Anyway, thanks again.


----------



## Davenlr (Sep 16, 2006)

californiasun said:


> Per the suggestion, I haven't tried to load my apps, so I can't comment on that, but they are visible in the extras section once again, so that's fine, I presume in 24 hours, they'll be functional when I do try them.


I read another post where TVApps are being rewritten or reworked or some such thing, and during the conversion (at DirecTv) they may not be available, which might be the reason, rather than the software upgrade.


----------



## RunnerFL (Jan 5, 2006)

californiasun said:


> Anyway, thanks again.


You're welcome, glad it worked out for you.


----------



## californiasun (Feb 28, 2012)

Davenlr said:


> I read another post where TVApps are being rewritten or reworked or some such thing, and during the conversion (at DirecTv) they may not be available, which might be the reason, rather than the software upgrade.
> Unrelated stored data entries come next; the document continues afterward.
(* Let $A$ be a general metric space, $N$ a right module on $A$ and $\mathcal F$ a filter on $A$. Then $\inf_{x\in A}\big(M^-(\mathcal F)(x)+N(x)\big)\ \ge\ \lim^-_{\mathcal F}N$. If moreover $\mathcal F$ is weakly flat, this inequality is an equality.
   Context: $[0,\infty]$ with $+$ ($x+\infty=\infty$), $\inf\emptyset=\infty$, $\sup\emptyset=0$. A general metric space $A$ is a set with $A(-,-):A\times A\to[0,\infty]$, $A(x,x)=0$, $A(x,z)\le A(x,y)+A(y,z)$ (no symmetry). A right module on $A$ is $N:A\to[0,\infty]$ with $N(y)\le A(x,y)+N(x)$ for all $x,y$. A filter on $A$ is a nonempty set of nonempty subsets closed under finite intersections and supersets. For $t:A\to[0,\infty]$, $\lim^+_{\mathcal F}t=\inf_{f\in\mathcal F}\sup_{x\in f}t(x)$ and $\lim^-_{\mathcal F}t=\sup_{f\in\mathcal F}\inf_{x\in f}t(x)$. $M^-(\mathcal F)(x)=\lim^-_{y\in\mathcal F}A(x,y)$. $\mathcal F$ is weakly flat iff $\lim^+_{\mathcal F}M^-(\mathcal F)=0$. *)

(* [0,oo] is modelled as the nonnegative part of \bar R
   for an arbitrary R : realType. *)
From HB Require Import structures.
From mathcomp Require Import all_boot all_order all_algebra.
From mathcomp Require Import all_classical all_reals ereal.
Set Implicit Arguments. Unset Strict Implicit. Unset Printing Implicit Defensive.
Import Order.TTheory GRing.Theory Num.Theory.
Local Open Scope classical_set_scope.
Local Open Scope ereal_scope.

Definition gen_metric {R : realType} {A : Type} (d : A -> A -> \bar R) : Prop :=
  [/\ forall x y, 0 <= d x y,
      forall x, d x x = 0 &
      forall x y z, d x z <= d x y + d y z].

Definition right_module {R : realType} {A : Type} (d : A -> A -> \bar R)
  (N : A -> \bar R) : Prop :=
  (forall x, 0 <= N x) /\ (forall x y, N y <= d x y + N x).

Definition is_filter {A : Type} (F : set (set A)) : Prop :=
  [/\ exists f, F f,
      forall f, F f -> f !=set0,
      forall f g, F f -> F g -> F (f `&` g) &
      forall f g, F f -> f `<=` g -> F g].

Definition lim_plus {R : realType} {A : Type} (F : set (set A)) (t : A -> \bar R)
  : \bar R := ereal_inf [set ereal_sup (t @` f) | f in F].

Definition lim_minus {R : realType} {A : Type} (F : set (set A)) (t : A -> \bar R)
  : \bar R := ereal_sup [set ereal_inf (t @` f) | f in F].

Definition Mminus {R : realType} {A : Type} (d : A -> A -> \bar R)
  (F : set (set A)) (x : A) : \bar R := lim_minus F (fun y => d x y).

Definition weakly_flat {R : realType} {A : Type} (d : A -> A -> \bar R)
  (F : set (set A)) : Prop := lim_plus F (Mminus d F) = 0.

From HB Require Import structures.
From mathcomp Require Import all_boot all_order all_algebra.
From mathcomp Require Import all_classical all_reals ereal.
Import Order.TTheory GRing.Theory Num.Theory.
Local Open Scope classical_set_scope.
Local Open Scope ereal_scope.

(* For a set f of the filter and any x, the module inequality gives
   inf_f N <= inf_{y in f} d x y + N x <= M^-(x) + N x; taking the sup over f
   yields the inequality.  Conversely, if sup_g M^- < e on some g in the
   filter, every y in g satisfies inf_x (M^-(x) + N x) <= M^-(y) + N y
   <= N y + e, so the infimum is at most inf_g N + e <= lim^- N + e. *)

Lemma le_ereal_inf_imageD {R : realType} {T : Type} (S : set T)
    (u : T -> \bar R) (a : \bar R) (c : R) :
  (forall y, S y -> a <= u y + c%:E) -> a <= ereal_inf (u @` S) + c%:E.
Proof.
move=> le_au; rewrite -leeBlDr //; apply: le_ereal_inf_tmp => _ [y Sy <-].
by rewrite leeBlDr // le_au.
Qed.

Lemma ereal_inf_image_le_lim_minus {R : realType} {A : Type}
    (F : set (set A)) (t : A -> \bar R) {f : set A} :
  F f -> ereal_inf (t @` f) <= lim_minus F t.
Proof. by move=> Ff; apply: ereal_sup_ubound; exists f. Qed.

Section RightModule.
Context {R : realType} {A : Type} (d : A -> A -> \bar R) (N : A -> \bar R)
  (F : set (set A)).
Hypothesis d_ge0 : forall x y, 0 <= d x y.
Hypothesis N_ge0 : forall x, 0 <= N x.
Hypothesis N_module : forall x y, N y <= d x y + N x.

Lemma ereal_inf_image_le_Mminus_add (f : set A) (x : A) :
  F f -> ereal_inf (N @` f) <= Mminus d F x + N x.
Proof.
move=> Ff.
have inf_le_M := ereal_inf_image_le_lim_minus F (fun y => d x y) Ff.
have M_ge0 : 0 <= Mminus d F x.
  by apply: le_trans inf_le_M; apply: le_ereal_inf_tmp => _ [y _ <-].
case Nx: (N x) => [r| |].
- apply: le_trans (leeD2r _ inf_le_M); apply: le_ereal_inf_imageD => y fy.
  rewrite -Nx; apply: le_trans (N_module x y).
  by apply: ereal_inf_lbound; exists y.
- by rewrite addey ?leey // gt_eqF // (lt_le_trans _ M_ge0) ?ltNy0.
- by have := N_ge0 x; rewrite Nx.
Qed.

Lemma lim_minus_le_Mminus_add :
  lim_minus F N <= ereal_inf [set Mminus d F x + N x | x in [set: A]].
Proof.
apply: ge_ereal_sup => _ [f Ff <-]; apply: le_ereal_inf_tmp => _ [x _ <-].
exact: ereal_inf_image_le_Mminus_add.
Qed.

End RightModule.

Lemma ereal_inf_Mminus_add_le {R : realType} {A : Type}
    (d : A -> A -> \bar R) (N : A -> \bar R) (F : set (set A)) (e : R) :
  lim_plus F (Mminus d F) < e%:E ->
  ereal_inf [set Mminus d F x + N x | x in [set: A]] <= lim_minus F N + e%:E.
Proof.
move=> /ereal_inf_lt [_ [g Fg <-] sup_lt_e].
apply: le_trans (leeD2r _ (ereal_inf_image_le_lim_minus F N Fg)).
apply: le_ereal_inf_imageD => y gy.
apply: (@le_trans _ _ (Mminus d F y + N y)).
  by apply: ereal_inf_lbound; exists y.
rewrite addeC leeD2l //; apply: le_trans (ltW sup_lt_e).
by apply: ereal_sup_ubound; exists y.
Qed.

Theorem mainTheorem9 (R : realType) (A : Type) (d : A -> A -> \bar R)
  (N : A -> \bar R) (F : set (set A)) :
  gen_metric d -> right_module d N -> is_filter F ->
  lim_minus F N <= ereal_inf [set Mminus d F x + N x | x in [set: A]] /\
  (weakly_flat d F ->
   ereal_inf [set Mminus d F x + N x | x in [set: A]] = lim_minus F N).
Proof.
move=> [d_ge0 _ _] [N_ge0 N_module] _.
have lim_le_inf := lim_minus_le_Mminus_add d N F d_ge0 N_ge0 N_module.
split=> // flat; apply/le_anti; rewrite lim_le_inf andbT.
apply/lee_addgt0Pr => e e_gt0; apply: ereal_inf_Mminus_add_le.
by rewrite flat lte_fin.
Qed.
Interesting. Good to know. I've had issues with the apps on just about every receiver/model in our home at some point, just inconsistency in whether they will load or not, but, the error code associated with the update last night is a new one for me, so what you're saying makes a lot of sense. Thanks for the heads up on what may be at play in this instance.


----------



## frapnitz (Nov 20, 2008)

Received OX5c8 last week, and then got OX5cb last night.....is this some type of "hot-fix" 

I notice that it did torque around my screen resolution and did go from 16:9 to 4:3. It also did the normal amount of mucking-about with the Guide and To Do list (which is normally brought back into sync within 24-hours). 

Confused the snot out of this old geezer until I saw that there was another download last night.


----------



## lparsons21 (Mar 4, 2006)

frapnitz said:


> Received OX5c8 last week, and then got OX5cb last night.....is this some type of "hot-fix"
> 
> I notice that it did torque around my screen resolution and did go from 16:9 to 4:3. It also did the normal amount of mucking-about with the Guide and To Do list (which is normally brought back into sync within 24-hours).
> 
> Confused the snot out of this old geezer until I saw that there was another download last night.


Yes it was a hotfix because of the glitches in video and audio some were seeing.

I too got the 0x5CB last night over my 0x5C8. I was seeing perfect operation after 5C8, but now I'm seeing a little of the remote ignoring, much shorter periods of delay, and much less often, but still there.


----------



## Terra Branford (Jul 19, 2006)

Our receivers got the update this morning from the 0x5Ca update that was shown on there last week and the two that had external HDs on them somehow "lost" the externals and reverted to the internal HDs.

My grandparents, not very technically savvy, were wondering why their tennis and poker after dark were gone, thinking they had accidentally deleted the folder(s) by mistake, when in fact the receiver stopped seeing the HD upon the software update this morning. Thankfully I caught it in time and rebooted the receiver (by unplugging it, waiting a few seconds, and plugging it back in, which is necessary when dealing with external HDs) and got the external back up and into view.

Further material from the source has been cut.